*TASK GOAL:* Exactly as they stand, set down all of the records again.

Collected data entries:
= Beginning of Section =

(* Expanding every cycle factor as a sum over [theta] colours writes [Z] as a sum,
   over colourings [c] of [{1..n}], of a product of colour weights times the
   probability [Q c] that [sigma] preserves [c]. The law of [sigma] is invariant
   under conjugation, so [Q c] depends only on the partition [lambda] obtained by
   sorting the colour class sizes, and equals [P(sigma \in T_lambda)]. The colourings
   of shape [lambda] are covered by the at most [theta!] relabellings of the block
   colouring of [lambda], each realised by exactly [binom n lambda] colourings; their
   weights are at most [1], [e^{h lambda_1}] or [e^{h lambda_theta}] respectively,
   with equality for some relabelling. This gives the bounds with constant [theta!]. *)

From mathcomp Require Import all_boot all_order all_algebra all_fingroup.
From mathcomp Require Import all_classical all_reals.
From mathcomp Require Import topology normedtype sequences exp.
Set Implicit Arguments. Unset Strict Implicit. Unset Printing Implicit Defensive.
Import Order.TTheory GRing.Theory Num.Theory.
Import numFieldNormedType.Exports.
Local Open Scope ring_scope.

Lemma sum_count_mem (T : finType) (s : seq T) :
  (\sum_(y : T) count_mem y s)%N = size s.
Proof.
elim: s => [|x s IH] /=; first by rewrite big1.
rewrite big_split /= IH (bigD1 x) //= eqxx big1 ?addn0 // => y /negPf.
by rewrite eq_sym => ->.
Qed.

Lemma card_tuple_cons (T : finType) n (P : pred (n.+1.-tuple T)) :
  #|[set c | P c]| = (\sum_(y : T) #|[set c : n.-tuple T | P [tuple of y :: c]]|)%N.
Proof.
rewrite -sum1dep_card.
transitivity (\sum_(y : T) \sum_(c : n.-tuple T | P [tuple of y :: c]) 1)%N; last first.
  by apply: eq_bigr => y _; rewrite sum1dep_card.
rewrite pair_big_dep /=.
rewrite (reindex (fun p : T * n.-tuple T => [tuple of p.1 :: p.2])) /=; last first.
  exists (fun c : n.+1.-tuple T => (thead c, [tuple of behead c])).
    by move=> [y c] _ /=; congr (_, _); apply: val_inj.
  by move=> c _; apply: val_inj => /=; rewrite [in RHS](tuple_eta c).
by apply: eq_bigl => -[y c].
Qed.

= End of Section =

*PROBLEM SOLUTION:*
(* Expanding every cycle factor as a sum over [theta] colours writes [Z] as a sum,
   over colourings [c] of [{1..n}], of a product of colour weights times the
   probability [Q c] that [sigma] preserves [c]. The law of [sigma] is invariant
   under conjugation, so [Q c] depends only on the partition [lambda] obtained by
   sorting the colour class sizes, and equals [P(sigma \in T_lambda)]. The colourings
   of shape [lambda] are covered by the at most [theta!] relabellings of the block
   colouring of [lambda], each realised by exactly [binom n lambda] colourings; their
   weights are at most [1], [e^{h lambda_1}] or [e^{h lambda_theta}] respectively,
   with equality for some relabelling. This gives the bounds with constant [theta!]. *)

From mathcomp Require Import all_boot all_order all_algebra all_fingroup.
From mathcomp Require Import all_classical all_reals.
From mathcomp Require Import topology normedtype sequences exp.
Set Implicit Arguments. Unset Strict Implicit. Unset Printing Implicit Defensive.
Import Order.TTheory GRing.Theory Num.Theory.
Import numFieldNormedType.Exports.
Local Open Scope ring_scope.

Lemma sum_count_mem (T : finType) (s : seq T) :
  (\sum_(y : T) count_mem y s)%N = size s.
Proof.
elim: s => [|x s IH] /=; first by rewrite big1.
rewrite big_split /= IH (bigD1 x) //= eqxx big1 ?addn0 // => y /negPf.
by rewrite eq_sym => ->.
Qed.

Lemma card_tuple_cons (T : finType) n (P : pred (n.+1.-tuple T)) :
  #|[set c | P c]| = (\sum_(y : T) #|[set c : n.-tuple T | P [tuple of y :: c]]|)%N.
Proof.
rewrite -sum1dep_card.
transitivity (\sum_(y : T) \sum_(c : n.-tuple T | P [tuple of y :: c]) 1)%N; last first.
  by apply: eq_bigr => y _; rewrite sum1dep_card.
rewrite pair_big_dep /=.
rewrite (reindex (fun p : T * n.-tuple T => [tuple of p.1 :: p.2])) /=; last first.
  exists (fun c : n.+1.-tuple T => (thead c, [tuple of behead c])).
    by move=> [y c] _ /=; congr (_, _); apply: val_inj.
  by move=> c _; apply: val_inj => /=; rewrite [in RHS](tuple_eta c).
by apply: eq_bigl => -[y c].
Qed.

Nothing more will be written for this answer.